San Sebastian, 15-18 June 2020
organized by David A. Mazziotti, Mario Piris and Christian Schilling
The interdisciplinary workshop brings together experts from the quantum sciences, particularly quantum chemistry and quantum information theory to elaborate on conceptual aspects of interacting quantum many-fermion systems. The aim is to discuss recent ideas and identify open challenges related to the determination of the energy and properties of interacting fermions in terms of reduced density matrices (RDMs). Topics will explore the theory and applications of both ground and excited states as well as time-dependent processes. The workshop comprises the following connected thematic blocks:
(I) geometry of RDMs & concept of fermionic correlation/entanglement
(II) 1- & 2-body N-representability problem
(III) 1RDM- & 2RDM-functional theory (ground states)
(IV) excited states & time-evolution
International workshop on "New challenges in Reduced Density Matrix Functional Theory: Symmetries, time-evolution and entanglement"
CECAM-HQ-EPFL, Lausanne, 26-29 September 2017
organized by Carlos L. Benavides-Riveros, Hardy Gross, Miguel A. L. Marques and Christian Schilling
This international workshop discussed and explored new aspects and challenges in Reduced Density Matrix Functional Theory (RDMFT). The main aim was to bring together leading experts in the field to address and carefully discuss open challenges such as implementation of 1-particle symmetries, extension of RDMFT to open-shell atoms and molecules, time-evolution, entanglement and new insights about RDMFT from recent progress on the 1-body N-representability problem.
Pauli2016: International workshop on "Reduced Density Matrices in Quantum Physics and Role of Fermionic Exchange Symmetry"

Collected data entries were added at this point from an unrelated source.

Definition mfun (lam c : R) : R := lam * (1 + c) / (lam * (1 + c) + (u - c)).
Definition mmfun (lam c : R) : R := lam * (1 - c) / (lam * (1 - c) + (v + c)).

Definition Eset (c : R) : set R := fun lam =>
  0 < lam /\ slo < mfun lam c < shi /\ slo < mmfun lam c < shi.

Definition Cset : set R := fun c =>
  -1 < c < u /\ - v < c < 1 /\ Eset c !=set0 /\ c <> 0.

Definition Ceps : set R := fun c =>
  Cset c /\ -1 + eps0 < c < u - eps0 /\ - v + eps0 < c < 1 - eps0.

Definition lam_lo : R :=
  Num.min ((u - sup Ceps) / (1 + sup Ceps)) ((v + inf Ceps) / (1 - inf Ceps)).
Definition lam_hi : R :=
  Num.max ((u - inf Ceps) / (1 + inf Ceps)) ((v + sup Ceps) / (1 - sup Ceps)).

Definition Gf (f : R -> R) (lam c : R) : \bar R :=
  (p%:E * \int[lebesgue_measure]_(s in `[slo, mfun lam c]) (f s * ((1 - 2 * s) / s))%:E
   + (1 - p)%:E * \int[lebesgue_measure]_(s in `[mmfun lam c, shi]) (f s * ((1 - 2 * s) / s))%:E)%E.

Definition Fn (n : nat) : set (R -> R) := fun f =>
  Finf f /\
  exists S : set R, measurable S /\ S `<=` Ceps /\
    ((n%:R)^-1%:E <= lebesgue_measure S)%E /\
    forall c, S c -> exists lam, Eset 0 lam /\ Eset c lam /\
      lam_lo <= lam <= lam_hi /\ Gf f lam 0 = 0%E /\ Gf f lam c = 0%E.

Definition Fn_closure (n : nat) : set (R -> R) := fun f =>
  Finf f /\
  forall e : R, 0 < e -> exists g, Fn n g /\
    forall s, slo < s < shi -> `|f s - g s| <= e.

End Defs.

From Pilot Require Import Defs.
From mathcomp Require Import all_boot all_order all_algebra.
From mathcomp Require Import all_classical all_reals all_analysis.
From mathcomp Require Import ring lra.
From mathcomp Require Import measurable_realfun.
Import Order.TTheory GRing.Theory Num.Theory.
Import numFieldNormedType.Exports.
Local Open Scope classical_set_scope.
Local Open Scope ring_scope.

(* Take g_k in F_n with |f - g_k| <= 1/(k+1) and let S_k be the set of measure
   >= 1/n attached to g_k.  All S_k lie in (-1, 1), so their upper limit S still
   has measure >= 1/n.  A point c of S lies in infinitely many S_k, which yields
   common roots lam_k in [lam_lo, lam_hi]; a cluster value lam of these lies in
   the closures of E_0 and E_c.  The moment condition of F^oo turns the integral
   of f(s)(1-2s)/s over (slo, x) into minus the tail integral over (x, shi), so
   G_f(lam, c) only involves tails at m(lam, c) and mm(lam, c).  Since
   lam_lo > 0, these points stay away from the singularity of (1-2s)/s at 0, so
   the tails are Lipschitz in lam and move by O(|f - g|) with f; hence
   G_f(lam, c) is the limit of G_{g_k}(lam_k, c) = 0. *)

Section bounded_integral.
Context {R : realType}.
Local Notation mu := (@lebesgue_measure R).

Lemma bounded_itv_integrable {F : R -> R} {a b M : R} :
  measurable_fun `]a, b[ F -> (forall s, a < s < b -> `|F s| <= M) ->
  mu.-integrable `]a, b[ (EFin \o F).
Proof.
move=> mF bF; apply: measurable_bounded_integrable => //.
  by move: (lebesgue_measure_itv `]a, b[) => /= ->; case: ifP => _; rewrite ?ltry.
rewrite /bounded_near; near=> K => y /=; rewrite in_itv => /bF /le_trans; apply.
by near: K; apply: nbhs_pinfty_ge; exact: num_real.
Unshelve. all: by end_near.
Qed.

Lemma bounded_itv_Rintegral_le {F : R -> R} {a b M : R} : a <= b ->
  measurable_fun `]a, b[ F -> (forall s, a < s < b -> `|F s| <= M) ->
  `|\int[mu]_(s in `]a, b[) F s| <= M * (b - a).
Proof.
move=> ab mF bF.
have normF_int : mu.-integrable `]a, b[ (EFin \o (Num.norm \o F)).
  apply: (@bounded_itv_integrable _ a b M) => [|s /bF]; first exact: measurableT_comp.
  by rewrite normr_id.
have cst_int : mu.-integrable `]a, b[ (EFin \o cst M).
  exact: (@bounded_itv_integrable _ a b `|M|).
have F_int := bounded_itv_integrable mF bF.
apply: le_trans (le_normr_Rintegral _ F_int) _ => //.
have -> : M * (b - a) = \int[mu]_(s in `]a, b[) M.
  rewrite Rintegral_cst //; move: (lebesgue_measure_itv `]a, b[) => /= ->.
  rewrite lte_fin; by case: ltgtP ab => //= -> _; rewrite subrr mulr0.
exact: le_Rintegral.
Qed.

Lemma bounded_itv_Rintegral_split {F : R -> R} {a b x M : R} : a <= x <= b ->
  measurable_fun `]a, b[ F -> (forall s, a < s < b -> `|F s| <= M) ->
  \int[mu]_(s in `]a, b[) F s =
  \int[mu]_(s in `]a, x[) F s + \int[mu]_(s in `]x, b[) F s.
Proof.
move=> /andP[ax]; rewrite le_eqVlt => /predU1P[->|xb] mF bF.
  have -> : [set` `]b, b[] = set0 :> set R by rewrite set_itv_ge// bnd_simp ltxx.
  by rewrite [X in _ + X]/Rintegral integral_set0 addr0.
have iF := bounded_itv_integrable mF bF.
have := @Rintegral_itvB R F (BRight a) (BLeft b) x iF.
rewrite !bnd_simp => /(_ ax xb) <-.
rewrite -Rintegral_itv_bndo_bndc; first by rewrite addrC subrK.
by apply: integrableS iF => //; apply: subset_itvl; rewrite bnd_simp ltW.
Qed.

University of Oxford, 12-15 April 2016
organized by Christian Schilling and Vlatko Vedral
The interdisciplinary workshop brought together experts in quantum science, as e.g. quantum information theory, quantum chemistry, solid state physics and mathematical physics. The aim was to explore from a conceptual viewpoint the influence of the fermionic exchange symmetry and its consequences for the reduced 1-and 2-fermion picture. In particular, a better understanding should be developed of how the conflict of energy minimization and antisymmetry of the N-fermion quantum state leads to simplified descriptions of fermionic ground states. The emphasis laid on the four subjects:
(I) particle exchange symmetry
(II) reduced density matrices
(III) generalized Pauli constraints
(IV) degeneracy pressure and numerical methods